── GIVEN DATA ──

Lemma cnext_trueS y : y < size s -> ~~ nth false s y ->
  cnext_true (y.+1 %% size s) = cnext_true y.
Proof.
move=> lt_ys sy; have [lt_y1s|] := ltnP y.+1 (size s).
  by rewrite modn_small // /cnext_true -next_true_skip.
rewrite leq_eqVlt ltnNge lt_ys orbF eq_sym => /eqP ys.
rewrite -ys modnn /cnext_true (next_true_last ys sy) -ys ltnn /next_true drop0.
by rewrite ys -has_find has_s.
Qed.

Lemma cdistS y : y < size s -> ~~ nth false s y ->
  cdist (y.+1 %% size s) < cdist y.
Proof.
move=> lt_ys sy; have find_lt : find id s < size s by rewrite -has_find.
have [lt_y1s|] := ltnP y.+1 (size s).
  rewrite modn_small // /cdist -next_true_skip //.
  have := leq_addr (find id (drop y.+1 s)) y.+1; rewrite -/(next_true y.+1).
  rewrite -next_true_skip //; case: ifP; lia.
rewrite leq_eqVlt ltnNge lt_ys orbF eq_sym => /eqP ys.
rewrite -ys modnn /cdist (next_true_last ys sy) -ys ltnn /next_true drop0 add0n.
rewrite ys find_lt; lia.
Qed.

End NextTrue.

(* The [trail_len s] positions after the last true have no next true;
   cyclically they belong to the run of the first true. *)
Definition run_len (s : seq bool) x := \sum_(0 <= y < size s) (next_true s y == x).

Definition trail_len (s : seq bool) := \sum_(0 <= y < size s) (size s <= next_true s y).

Lemma card_cnext_true s x : x < size s ->
  \sum_(0 <= y < size s) (cnext_true s y == x) =
  run_len s x + (x == find id s) * trail_len s.
Proof.
move=> lt_xs; rewrite /run_len /trail_len big_distrr -big_split /=.
apply: eq_bigr => y _; rewrite /cnext_true; case: ltnP => [lt_ys|le_sy].
  by rewrite muln0 addn0.
have -> : (next_true s y == x) = false.
  by apply/eqP => ex; move: le_sy; rewrite ex leqNgt lt_xs.
by rewrite muln1 eq_sym.
Qed.

Lemma next_true_cons0 b r : next_true (b :: r) 0 = if b then 0 else (find id r).+1.
Proof. by case: b. Qed.

Lemma run_len_consS b r x :
  run_len (b :: r) x.+1 = (next_true (b :: r) 0 == x.+1) + run_len r x.
Proof. by rewrite /run_len /= big_nat_recl. Qed.

Lemma trail_len_cons b r :
  trail_len (b :: r) = (size r < next_true (b :: r) 0) + trail_len r.
Proof. by rewrite /trail_len /= big_nat_recl. Qed.

Lemma prod_nth_cons (F : nat -> nat) b r :
  \prod_(0 <= x < size (b :: r) | nth false (b :: r) x) F x =
  (if b then F 0 else 1) * \prod_(0 <= x < size r | nth false r x) F x.+1.
Proof. by rewrite /= big_mkcond big_nat_recl // -big_mkcond. Qed.

(* [cycle_weight m s]: [m] falses precede [s]; after the first true the
   remaining bits [r] are weighed by [tail_weight c k r], where [c] is the size
   of the run through the first true (so far) and [k] the number of falses since
   the last true.  The run left open at the end closes that first run. *)
Fixpoint tail_weight (c k : nat) (r : seq bool) : nat :=
  match r with
  | [::] => alpha (c + k)
  | true :: r => alpha k.+1 * tail_weight c 0 r
  | false :: r => tail_weight c k.+1 r
  end.

Fixpoint cycle_weight (m : nat) (s : seq bool) : nat :=
  match s with
  | [::] => 0
  | true :: r => tail_weight m.+1 0 r
  | false :: r => cycle_weight m.+1 r
  end.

───

▶ [REQUIRED ACTION] Output the entries above exactly, please, with nothing dropped.

▶ [WRITTEN ANSWER]
Lemma cnext_trueS y : y < size s -> ~~ nth false s y ->
  cnext_true (y.+1 %% size s) = cnext_true y.
Proof.
move=> lt_ys sy; have [lt_y1s|] := ltnP y.+1 (size s).
  by rewrite modn_small // /cnext_true -next_true_skip.
rewrite leq_eqVlt ltnNge lt_ys orbF eq_sym => /eqP ys.
rewrite -ys modnn /cnext_true (next_true_last ys sy) -ys ltnn /next_true drop0.
by rewrite ys -has_find has_s.
Qed.

Lemma cdistS y : y < size s -> ~~ nth false s y ->
  cdist (y.+1 %% size s) < cdist y.
Proof.
move=> lt_ys sy; have find_lt : find id s < size s by rewrite -has_find.
have [lt_y1s|] := ltnP y.+1 (size s).
  rewrite modn_small // /cdist -next_true_skip //.
  have := leq_addr (find id (drop y.+1 s)) y.+1; rewrite -/(next_true y.+1).
  rewrite -next_true_skip //; case: ifP; lia.
rewrite leq_eqVlt ltnNge lt_ys orbF eq_sym => /eqP ys.
rewrite -ys modnn /cdist (next_true_last ys sy) -ys ltnn /next_true drop0 add0n.
rewrite ys find_lt; lia.
Qed.

End NextTrue.

(* The [trail_len s] positions after the last true have no next true;
   cyclically they belong to the run of the first true. *)
Definition run_len (s : seq bool) x := \sum_(0 <= y < size s) (next_true s y == x).

Definition trail_len (s : seq bool) := \sum_(0 <= y < size s) (size s <= next_true s y).

Lemma card_cnext_true s x : x < size s ->
  \sum_(0 <= y < size s) (cnext_true s y == x) =
  run_len s x + (x == find id s) * trail_len s.
Proof.
move=> lt_xs; rewrite /run_len /trail_len big_distrr -big_split /=.
apply: eq_bigr => y _; rewrite /cnext_true; case: ltnP => [lt_ys|le_sy].
  by rewrite muln0 addn0.
have -> : (next_true s y == x) = false.
  by apply/eqP => ex; move: le_sy; rewrite ex leqNgt lt_xs.
by rewrite muln1 eq_sym.
Qed.

Lemma next_true_cons0 b r : next_true (b :: r) 0 = if b then 0 else (find id r).+1.
Proof. by case: b. Qed.

Lemma run_len_consS b r x :
  run_len (b :: r) x.+1 = (next_true (b :: r) 0 == x.+1) + run_len r x.
Proof. by rewrite /run_len /= big_nat_recl. Qed.

Lemma trail_len_cons b r :
  trail_len (b :: r) = (size r < next_true (b :: r) 0) + trail_len r.
Proof. by rewrite /trail_len /= big_nat_recl. Qed.

Lemma prod_nth_cons (F : nat -> nat) b r :
  \prod_(0 <= x < size (b :: r) | nth false (b :: r) x) F x =
  (if b then F 0 else 1) * \prod_(0 <= x < size r | nth false r x) F x.+1.
Proof. by rewrite /= big_mkcond big_nat_recl // -big_mkcond. Qed.

(* [cycle_weight m s]: [m] falses precede [s]; after the first true the
   remaining bits [r] are weighed by [tail_weight c k r], where [c] is the size
   of the run through the first true (so far) and [k] the number of falses since
   the last true.  The run left open at the end closes that first run. *)
Fixpoint tail_weight (c k : nat) (r : seq bool) : nat :=
  match r with
  | [::] => alpha (c + k)
  | true :: r => alpha k.+1 * tail_weight c 0 r
  | false :: r => tail_weight c k.+1 r
  end.

Fixpoint cycle_weight (m : nat) (s : seq bool) : nat :=
  match s with
  | [::] => 0
  | true :: r => tail_weight m.+1 0 r
  | false :: r => cycle_weight m.+1 r
  end.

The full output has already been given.